Question: How can you scale Memcached horizontally?

Answer

Scaling Memcached horizontally involves adding more servers to your Memcached cluster, allowing the system to distribute the load across multiple machines. This increases cache space and distributes the processing load, improving the system's overall capacity and performance.

Here are the steps to do that:

  1. Setup New Memcached Server Instances: Begin by setting up new instances of Memcached servers on separate hardware machines or virtual machines.

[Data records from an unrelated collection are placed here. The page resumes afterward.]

Lemma unitary2_rows A i j : unitary2 A ->
  A i 0 * (A j 0)^* + A i 1 * (A j 1)^* = (i == j)%:R.
Proof.
move=> /(congr1 (fun B : 'M[C]_2 => B i j)).
by rewrite !mxE !big_ord_recl big_ord0 addr0 /= !mxE lift0_ord1.
Qed.

Lemma det_mx2 A : \det A = A 0 0 * A 1 1 - A 0 1 * A 1 0.
Proof.
rewrite (expand_det_row _ 0) !big_ord_recl big_ord0 /cofactor /=.
rewrite !det_mx11 !mxE /= lift0_ord1.
have -> : lift 1 (ord0 : 'I_1) = 0 :> 'I_2 by exact: val_inj.
by rewrite /= expr0 expr1 !mul1r addr0 mulN1r mulrN.
Qed.

Lemma unitary2_row0_norm A : unitary2 A -> `|A 0 0| ^+ 2 + `|A 0 1| ^+ 2 = 1.
Proof. by move=> hU; rewrite !normCK (unitary2_rows 0 0 hU). Qed.

Lemma unitary2_row1 A : unitary2 A ->
  [/\ A 1 1 = \det A * (A 0 0)^* , A 1 0 = - (\det A * (A 0 1)^*)
    & `|\det A| = 1].
Proof.
move=> hU; rewrite det_mx2.
have R00 := unitary2_rows 0 0 hU; have R11 := unitary2_rows 1 1 hU.
have R01 : (A 0 0)^* * A 1 0 + (A 0 1)^* * A 1 1 = 0.
  have := congr1 Num.conj (unitary2_rows 0 1 hU).
  by rewrite rmorphD !rmorphM /= !conjCK rmorph0.
move: R00 R11 R01 => /=; set a := A 0 0; set b := A 0 1.
set c := A 1 0; set d := A 1 1; set D := a * d - b * c => R00 R11 R01.
have hd : d = D * a^*.
  apply/eqP; rewrite eq_sym -subr_eq0; apply/eqP.
  transitivity (d * (a * a^* + b * b^* - 1) - b * (a^* * c + b^* * d)).
    by rewrite /D; ring.
  by rewrite R00 R01 subrr !mulr0 subr0.
have hc : c = - (D * b^*).
  apply/eqP; rewrite -subr_eq0 opprK; apply/eqP.
  transitivity (c * (1 - (a * a^* + b * b^*)) + a * (a^* * c + b^* * d)).
    by rewrite /D; ring.
  by rewrite R00 R01 subrr !mulr0 addr0.
have hDD : `|D| ^+ 2 = 1.
  have : c * c^* + d * d^* = D * D^* * (a * a^* + b * b^*).
    by rewrite hd hc rmorphN !rmorphM /= !conjCK; ring.
  by rewrite R11 R00 mulr1 -normCK => <-.
by split=> //; apply/eqP; rewrite -(sqrp_eq1 (normr_ge0 D)) hDD.
Qed.
(* w(x^d) = prod_k x_{w(k)}^{d_k}: exponent vector b with b (w k) = d k *)
Definition act_mon n (w : 'S_n) (d : mon n) : mon n :=
  [ffun k => d ((w^-1)%g k)].

(* neglex: lex order with x_n > ... > x_1; a >_neglex b *)
Definition neglex_gt n (a b : mon n) : Prop :=
  exists k : 'I_n, (b k < a k)%N /\ forall j : 'I_n, (k < j)%N -> a j = b j.

Definition leading_term (F : fieldType) n (h : mpoly F n) (m : mon n) (c : F) : Prop :=
  c != 0 /\ h m = c /\ forall b, h b != 0 -> b <> m -> neglex_gt m b.

(* Say that [m] dominates [b] if [sum_k (b_k - th_k)_+ <= sum_k (m_k - th_k)_+] for every
   weakly decreasing [th]. Taking [th] huge before the last position where [b] and [m] differ
   and [0] from there on shows that a dominated [b <> m] is neglex-smaller than [m].
   Induct along the reduced word: peeling off its first letter writes [w = s_i w'] with
   [l(w) = l(w') + 1], so [w'^-1(i) < w'^-1(i+1)], and the descent condition on [w] with [d]
   weakly decreasing forces the exponent of [x_i] in [m := w'(x^d)] to exceed that of
   [x_(i+1)]. For such [m], solving [(x_i - x_(i+1)) g = x_(i+1) (f - s_i f)] coefficientwise
   shows that pibar_i sends a polynomial with coefficient 1 at [m] and support dominated by
   [m] to one with coefficient 1 at [s_i m] and support dominated by [s_i m]. *)

From mathcomp Require Import all_boot all_order all_algebra all_fingroup.
From mathcomp Require Import zify ring.
From Stdlib Require Import ClassicalEpsilon.
Set Implicit Arguments. Unset Strict Implicit. Unset Printing Implicit Defensive.
Import GRing.Theory.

Make sure they're configured properly and are running efficiently.
sudo apt update sudo apt install memcached
  1. Configure Your Client to Connect to All Servers: After setting up your Memcached servers, configure your client application to connect to all these servers. The way you do this depends on the client library used in your application.

If you're using the python-memcached client, for instance, it would look something like this:

import memcache servers = ['192.168.1.1:11211', '192.168.1.2:11211', '192.168.1.3:11211'] mc = memcache.Client(servers) mc.set('key', 'value') print(mc.get('key'))

In this example, 192.168.1.1, 192.168.1.2, and 192.168.1.3 are the IP addresses of your Memcached servers. Note that you need to replace them with the actual IP addresses of your machines.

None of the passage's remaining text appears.